The treaty has survived the severest of diplomatic rows and three conflicts that have broken out between the two neighbours, a fact held up by the World Bank as an example of waters being peacefully shared by countries that are bitter rivals in other respects.
Still, decades of hostility and mistrust between the two countries have made Pakistan uncomfortable with its status as the lower riparian state and with having to live with the idea of its main water resources flowing through Indian territory.
Following the failure of the February talks on the Baglihar dam, Pakistan issued notice to India that it was asking for a neutral expert to resolve the dispute under the provisions of the Indus Water Treaty. Islamabad prefers to have a World Bank official as this mediator, and this promises to be a key issue in this week’s talks.
This is the first time since the treaty was signed that a dispute looks set to get referred to a neutral expert.
”They have refused our requests for on-site inspections (of the Baglihar project), and once when they allowed such inspection, they (Indians) made it clear that they would not be incorporating any Pakistani proposals for a change in design,” said an official at the Pakistani water and power ministry.
Because efforts to settle the issue bilaterally have not borne fruit, Islamabad is left with little choice but to seek outside mediation, he added. This move has not gone down well with Indian experts. ”The demand for international arbitration will only spoil the mood for peace especially at this juncture,” Iyer said.
Iyer said India had refrained from seeking international arbitration to sort out a round-the-year navigation project at Tulbul on the river Jhelum, permissible under the treaty but held up since 1987 as result of Pakistani objections.

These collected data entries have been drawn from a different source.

Lemma lnF_deriv_1 a b x : 0 < x * (x + a) ->
  lnF_deriv a b 1 x = ln (1 + a / x) - a * (x + b) / (x * (x + a)).
Proof.
  intros Hd. destruct (Rmult_pos_neq0 _ _ Hd) as [Hx Hxa].
  unfold lnF_deriv, ln_ratio_deriv. simpl. field. auto.
Qed.

Lemma lnF_deriv_SS a b j x : 0 < x * (x + a) ->
  (-1) ^ S (S j) * lnF_deriv a b (S (S j)) x =
  INR (Factorial.fact j) * deriv_numer (S j) (x + a) x b / (x * (x + a)) ^ S (S j).
Proof.
  intros Hd. destruct (Rmult_pos_neq0 _ _ Hd) as [Hx Hxa].
  assert (x ^ j <> 0) by (apply pow_nonzero; auto).
  assert ((x + a) ^ j <> 0) by (apply pow_nonzero; auto).
  assert (Hsq : (-1) ^ j * (-1) ^ j = 1).
  { rewrite <- Rpow_mult_distr. replace (-1 * -1) with 1 by ring. apply pow1. }
  match goal with |- _ = ?r => transitivity ((-1) ^ j * (-1) ^ j * r) end;
    [| rewrite Hsq; ring].
  unfold lnF_deriv, ln_ratio_deriv, deriv_numer. simpl pred.
  change (Factorial.fact (S j)) with (S j * Factorial.fact j)%nat.
  rewrite Rpow_mult_distr, mult_INR, !S_INR. simpl pow. field. auto.
Qed.

Lemma ln_le_half_sub_inv y : 1 <= y -> ln y <= (y - / y) / 2.
Proof.
  intros Hy. destruct (Req_dec y 1) as [->|Hne]; [rewrite ln_1, Rinv_1; lra|].
  destruct (MVT_cor2 (fun t => ln t - (t - / t) / 2) (fun c => - (c - 1) ^ 2 / (2 * c * c)) 1 y)
    as [c [Heq Hc]]; [lra| |].
  - intros c Hc. apply is_derive_Reals. auto_derive; [repeat split; lra | field; lra].
  - rewrite ln_1, Rinv_1 in Heq.
    assert (0 <= (c - 1) ^ 2 / (2 * c * c))
      by (apply Rle_mult_inv_pos; [apply pow2_ge_0 | nra]).
    nra.
Qed.

Lemma ln_ge_one_sub_inv y : 0 < y -> 1 - / y <= ln y.
Proof.
  intros Hy. assert (H := exp_ineq1_le (- ln y)).
  rewrite exp_Ropp, exp_ln in H; lra.
Qed.

Lemma div_nonneg_iff N P : 0 < P -> 0 <= N / P <-> 0 <= N.
Proof.
  intros HP. split; intros H.
  - replace N with (N / P * P) by (field; lra). apply Rmult_le_pos; lra.
  - apply Rle_mult_inv_pos; auto.
Qed.

Lemma ex_pos_affine_neg m c : m < 0 -> exists x, 0 < x /\ m * x + c < 0.
Proof.
  intros Hm. exists ((1 + c * c) / - m). split.
  - apply Rdiv_lt_0_compat; nra.
  - replace (m * ((1 + c * c) / - m) + c) with (c - c * c - 1) by (field; lra). nra.
Qed.

Lemma lcm_F_pos_iff a b : 0 < a ->
  log_completely_monotonic (fun x => 0 < x) (F a b) <-> a <= 2 * b.
Proof.
  intros Ha. assert (Hdom : forall x, 0 < x -> 0 < x * (x + a)) by (intros; nra).
  rewrite log_completely_monotonic_E, (log_monotonic_F_iff _ _ _ (open_gt 0) Hdom).
  split.
  - intros H. apply Rnot_lt_le. intros Hb.
    destruct (ex_pos_affine_neg (2 * b - a) (a * b)) as [x [Hx Hneg]]; [lra|].
    specialize (H 2%nat x ltac:(lia) Hx).
    rewrite (lnF_deriv_SS a b 0 x (Hdom x Hx)), div_nonneg_iff in H;
      [| apply pow_lt, Hdom, Hx].
    replace (deriv_numer 1 (x + a) x b) with (a * ((2 * b - a) * x + a * b)) in H
      by (unfold deriv_numer; simpl; ring).
    change (INR (Factorial.fact 0)) with 1 in H. nra.
  - intros Hb [|[|j]] x Hk Hx; [lia | |].
    + rewrite lnF_deriv_1 by (apply Hdom, Hx).
      assert (Hy : 1 <= 1 + a / x)
        by (assert (0 <= a / x) by (apply Rle_mult_inv_pos; lra); lra).
      assert (Hln := ln_le_half_sub_inv _ Hy).
      assert (Hgap : a * (x + b) / (x * (x + a)) - (1 + a / x - / (1 + a / x)) / 2
                     = a * (2 * b - a) / (2 * (x * (x + a)))) by (field; lra).
      assert (0 <= a * (2 * b - a) / (2 * (x * (x + a)))) by (apply Rle_mult_inv_pos; nra).
      simpl pow. lra.
    + rewrite lnF_deriv_SS, div_nonneg_iff by (apply pow_lt, Hdom, Hx || apply Hdom, Hx).
      apply Rmult_le_pos; [apply pos_INR | apply deriv_numer_nonneg; lra].
Qed.

Lemma lcm_invF_pos_iff a b : 0 < a ->
  log_completely_monotonic (fun x => 0 < x) (fun x => / F a b x) <-> b <= 0.
Proof.
  intros Ha. assert (Hdom : forall x, 0 < x -> 0 < x * (x + a)) by (intros; nra).
  rewrite log_completely_monotonic_E, (log_monotonic_invF_iff _ _ _ (open_gt 0) Hdom).
  split.
  - intros H. apply Rnot_lt_le. intros Hb.
    specialize (H 2%nat b ltac:(lia) Hb).
    rewrite Ropp_mult_distr_r_reverse, (lnF_deriv_SS a b 0 b (Hdom b Hb)), <- Rdiv_opp_l,
      div_nonneg_iff in H; [| apply pow_lt, Hdom, Hb].
    replace (deriv_numer 1 (b + a) b b) with (2 * a * (b * b)) in H
      by (unfold deriv_numer; simpl; ring).
    change (INR (Factorial.fact 0)) with 1 in H.
    assert (0 < a * (b * b)) by (apply Rmult_lt_0_compat; nra). lra.
  - intros Hb [|[|j]] x Hk Hx; [lia | |].
    + rewrite lnF_deriv_1 by (apply Hdom, Hx).
      assert (Hy : 0 < 1 + a / x) by (apply one_plus_div_pos, Hdom, Hx).
      assert (Hln := ln_ge_one_sub_inv _ Hy).
      assert (Hgap : 1 - / (1 + a / x) - a * (x + b) / (x * (x + a))
                     = - (a * b) / (x * (x + a))) by (field; lra).
      assert (0 <= - (a * b) / (x * (x + a))) by (apply Rle_mult_inv_pos; nra).
      simpl pow. lra.
    + rewrite Ropp_mult_distr_r_reverse, lnF_deriv_SS, <- Rdiv_opp_l, div_nonneg_iff
        by (apply pow_lt, Hdom, Hx || apply Hdom, Hx).
      assert (deriv_numer (S j) (x + a) x b <= 0) by (apply deriv_numer_nonpos; lra).
      assert (0 <= INR (Factorial.fact j)) by apply pos_INR.
      nra.
Qed.

Lemma F_shift a b y : 0 < y * (y - a) -> F a b (y - a) = / F (- a) (b - a) y.
Proof.
  intros Hd. destruct (Rmult_pos_neq0 _ _ Hd) as [Hy0 Hya].
  assert (Hy : 0 < 1 + - a / y) by (apply one_plus_div_pos, Hd).
  unfold F, Rpower. rewrite <- exp_Ropp. f_equal.
  replace (1 + a / (y - a)) with (/ (1 + - a / y)) by (field; split; lra).
  rewrite ln_Rinv by exact Hy. ring.
Qed.

Lemma F_opp a b y : F a b (- y) = / F (- a) (- b) y.
Proof.
  unfold F, Rpower. rewrite <- exp_Ropp, Rdiv_opp_r, Rdiv_opp_l. f_equal. ring.
Qed.

Lemma lcm_F_neg_iff a b : a < 0 ->
  log_completely_monotonic (fun x => - a < x) (F a b) <-> b <= a.
Proof.
  intros Ha. rewrite lcm_gt_iff_shift, log_completely_monotonic_E.
  rewrite (log_monotonic_ext _ _ _ (fun y => / F (- a) (b - a) y) (open_gt 0)).
  - rewrite <- log_completely_monotonic_E, lcm_invF_pos_iff; lra.
  - intros y Hy. apply F_shift. nra.
Qed.

Lemma lcm_invF_neg_iff a b : a < 0 ->
  log_completely_monotonic (fun x => - a < x) (fun x => / F a b x) <-> a <= 2 * b.
Proof.
  intros Ha. rewrite lcm_gt_iff_shift, log_completely_monotonic_E.
  rewrite (log_monotonic_ext _ _ _ (F (- a) (b - a)) (open_gt 0)).
  - rewrite <- log_completely_monotonic_E, lcm_F_pos_iff; lra.
  - intros y Hy. change (y + - a) with (y - a). rewrite F_shift by nra. apply Rinv_inv.
Qed.
Lemma sum_subsets_binomial (V : {set T}) (p : R) :
  \sum_(E : {set T} | E \subset V) p ^+ #|E| * (1 - p) ^+ (#|V| - #|E|) = 1.
Proof.
pose F (i : nat) := p ^+ i * (1 - p) ^+ (#|V| - i).
have cardV (E : {set T}) : E \subset V -> (#|E| < #|V|.+1)%N.
  by move=> sEV; rewrite ltnS subset_leq_card.
rewrite (partition_big (fun E : {set T} => (inord #|E| : 'I_#|V|.+1)) predT) //=.
transitivity (\sum_(i < #|V|.+1) F i *+ 'C(#|V|, i)).
  apply: eq_bigr => i _; rewrite -cards_draws -sumr_const.
  apply: eq_big => [E|E /andP[sEV /eqP <-]]; last by rewrite /F inordK ?cardV.
  rewrite !inE; case: (boolP (E \subset V)) => //= sEV.
  by apply/eqP/eqP => [<-|->]; [rewrite inordK ?cardV | apply: val_inj; rewrite /= inordK].
have := exprDn (1 - p) p #|V|; rewrite subrK expr1n => ->.
by apply: eq_bigr => i _; rewrite /F mulrC.
Qed.

Lemma sum_subsets_avoid (U D : {set T}) (p : R) : D \subset U ->
  \sum_(E : {set T} | (E \subset U) && [disjoint E & D])
     p ^+ #|E| * (1 - p) ^+ (#|U| - #|E|) = (1 - p) ^+ #|D|.
Proof.
move=> sDU; have cUD : #|U :\: D| = (#|U| - #|D|)%N.
  by rewrite cardsD (finset.setIidPr sDU).
have leDU : (#|D| <= #|U|)%N by apply: subset_leq_card.
under eq_bigl => E do rewrite -subsetD.
rewrite -[RHS]mul1r -[X in X * _](sum_subsets_binomial (U :\: D) p) mulr_suml.
apply: eq_bigr => E sE; have := subset_leq_card sE; rewrite cUD => leE.
by rewrite -mulrA -exprD; congr (_ * _ ^+ _); lia.
Qed.

End BinomialSubsets.

Section Gnp.
Variables (R : realType) (n : nat).
Implicit Types (p : R) (E : {set {set 'I_n}}) (P Q : pred {set {set 'I_n}}).

Definition Gnp_weight p E : R := p ^+ #|E| * (1 - p) ^+ ('C(n, 2) - #|E|).

Definition Gnp_mean p (X : {set {set 'I_n}} -> R) : R :=
  \sum_(E : {set {set 'I_n}} | E \subset pairs n) Gnp_weight p E * X E.

Lemma card_pairs : #|pairs n| = 'C(n, 2).
Proof. by rewrite /pairs card_draws card_ord. Qed.

Lemma Gnp_weight_ge0 p E : 0 <= p <= 1 -> 0 <= Gnp_weight p E.
Proof. by case/andP=> p0 p1; rewrite mulr_ge0 ?exprn_ge0 ?subr_ge0. Qed.

Lemma Gnp_mean_indicator p P : Gnp_mean p (fun E => (P E)%:R) = Gnp_prob p P.
Proof.
rewrite /Gnp_mean /Gnp_prob big_mkcondr /=.
by apply: eq_bigr => E _; case: (P E); rewrite ?mulr1 ?mulr0.
Qed.

Lemma Gnp_mean1 p : Gnp_mean p (fun=> 1) = 1.
Proof.
rewrite /Gnp_mean; under eq_bigr do rewrite mulr1.
by rewrite /Gnp_weight -card_pairs sum_subsets_binomial.
Qed.

Lemma Gnp_mean_le p (X Y : {set {set 'I_n}} -> R) : 0 <= p <= 1 ->
  (forall E, X E <= Y E) -> Gnp_mean p X <= Gnp_mean p Y.
Proof. by move=> p01 XY; apply: ler_sum => E _; rewrite ler_wpM2l ?Gnp_weight_ge0. Qed.

Lemma Gnp_mean_sum p (I : Type) (r : seq I) (F : I -> {set {set 'I_n}} -> R) :
  Gnp_mean p (fun E => \sum_(i <- r) F i E) = \sum_(i <- r) Gnp_mean p (F i).
Proof.
rewrite /Gnp_mean; under eq_bigr do rewrite mulr_sumr.
by rewrite exchange_big.
Qed.

Lemma Gnp_prob_le1 p P : 0 <= p <= 1 -> Gnp_prob p P <= 1.
Proof.
move=> p01; rewrite -Gnp_mean_indicator -[X in _ <= X](Gnp_mean1 p).
by apply: Gnp_mean_le => // E; case: (P E); rewrite ?ler01.
Qed.

Lemma Gnp_prob_compl_le p P Q : 0 <= p <= 1 ->
  (forall E, ~~ P E -> Q E) -> 1 - Gnp_prob p P <= Gnp_prob p Q.
Proof.
move=> p01 PQ; rewrite -!Gnp_mean_indicator -[X in X - _](Gnp_mean1 p) -sumrB.
under eq_bigr do rewrite -mulrBr.
apply: (@Gnp_mean_le _ (fun E => 1 - (P E)%:R)) => // E.
by case: (boolP (P E)) => [_|/PQ ->]; rewrite ?subrr ?subr0 ?ler0n.
Qed.

Lemma Gnp_prob_avoid p (D : {set {set 'I_n}}) : D \subset pairs n ->
  Gnp_prob p (fun E => [disjoint E & D]) = (1 - p) ^+ #|D|.
Proof. by move=> sD; rewrite /Gnp_prob -card_pairs sum_subsets_avoid. Qed.

Lemma Gnp_second_moment p (X : {set {set 'I_n}} -> R) :
  0 <= p <= 1 -> 0 < Gnp_mean p X ->
  Gnp_prob p (fun E => X E == 0) <=
    Gnp_mean p (fun E => X E ^+ 2) / Gnp_mean p X ^+ 2 - 1.
Proof.
move=> p01; set mu := Gnp_mean p X => mu0.
have mu2 : mu ^+ 2 != 0 by rewrite expf_neq0 // gt_eqF.
rewrite -Gnp_mean_indicator.
apply: (@le_trans _ _ (Gnp_mean p (fun E => (X E - mu) ^+ 2 / mu ^+ 2))).
  apply: Gnp_mean_le => // E; case: eqP => [->|_].
    by rewrite sub0r sqrrN divff.
  by rewrite divr_ge0 ?sqr_ge0.
have expand E : Gnp_weight p E * ((X E - mu) ^+ 2 / mu ^+ 2) =
    Gnp_weight p E * X E ^+ 2 / mu ^+ 2 - 2 / mu * (Gnp_weight p E * X E)
    + Gnp_weight p E * 1.
  by field; rewrite gt_eqF.
rewrite /Gnp_mean (eq_bigr _ (fun E _ => expand E)) big_split sumrB /=.
rewrite -mulr_suml -mulr_sumr -/mu.
rewrite -[\sum_(E | _) Gnp_weight p E * 1]/(Gnp_mean p (fun=> 1)) Gnp_mean1.
by rewrite mulfVK ?gt_eqF //; lra.
Qed.

End Gnp.

Section IsolatedVertices.
Variables (R : realType) (n : nat).
Implicit Types (p : R) (E : {set {set 'I_n}}) (i j : 'I_n).

Definition incident i : {set {set 'I_n}} := [set e in pairs n | i \in e].

Definition isolated E i : bool := [disjoint E & incident i].

Definition num_isolated E : R := \sum_i (isolated E i)%:R.

Lemma incident_sub i : incident i \subset pairs n.
Proof. by apply/fintype.subsetP => e; rewrite inE => /andP[]. Qed.

Lemma card_incident i : (#|incident i| <= n.-1)%N.
Proof.
have sub : incident i \subset [set [set i; j] | j in [set~ i]].
  apply/fintype.subsetP => e; rewrite !inE => /andP[/cards2P [x [y [xy ->]]]].
  rewrite !inE => /orP[]/eqP->; apply/imsetP.
    by exists y; rewrite // !inE eq_sym.
  by exists x; rewrite ?inE // finset.setUC.
apply: leq_trans (subset_leq_card sub) _; apply: leq_trans (leq_imset_card _ _) _.
by rewrite cardsC1 card_ord.
Qed.

Lemma card_incidentI i j : i != j -> (#|incident i :&: incident j| <= 1)%N.
Proof.
move=> ij; have sub : incident i :&: incident j \subset [set [set i; j]].
  apply/fintype.subsetP => e; rewrite !inE => /andP[/andP[e2 ie] /andP[_ je]].
  rewrite eq_sym eqEcard; apply/andP; split.
    by apply/fintype.subsetP => x; rewrite !inE => /orP[]/eqP->.
  by rewrite (eqP e2) cards2 ij.
by rewrite -(cards1 [set i; j]) subset_leq_card.
Qed.

Lemma isolated_disconnected E i : (1 < n)%N -> isolated E i -> ~~ connectedb E.
Proof.
move=> n1 iso_i; have : (0 < #|[set~ i]|)%N by rewrite cardsC1 card_ord; lia.
case/card_gt0P => j; rewrite !inE => ji.
apply/negP => /forallP /(_ i) /forallP /(_ j) /connectP [[|y s] /= pth lst].
  by move: ji; rewrite lst eqxx.
case/andP: pth => /andP[iy iyE] _.
have : [set i; y] \in incident i by rewrite !inE cards2 iy eqxx.
by rewrite (disjointFr iso_i iyE).
Qed.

Pakistan’s fears are visible in a paper published by its Institute of Strategic Studies, which said the Tulbul navigation project would give India ”a strategic edge during a military confrontation enabling it to control the mobility and retreat of Pakistani troops and enhancing the manoeuvrability of Indian troops”.
Earlier this month, the prime minister of Pakistan-occupied Kashmir (PoK), Sikandar Hayat Khan, openly supported the revival of a proposal for the formal partition of Kashmir between India and Kashmir along the Chenab river as a practical solution to the long-standing dispute over the territory.
Khan was quoted as saying that such a division would result in the Muslim-majority areas of the territory going to Pakistan and the Hindu-majority parts going to India, satisfying the basic principle on which the 1947 partition of British India was carried out.
It would also result in Pakistan gaining full control over the Chenab, on which the Baglihar dam is now coming up, and expanding the territory it holds to cover Srinagar, the capital of Indian-controlled Kashmir state, which lies west of the river.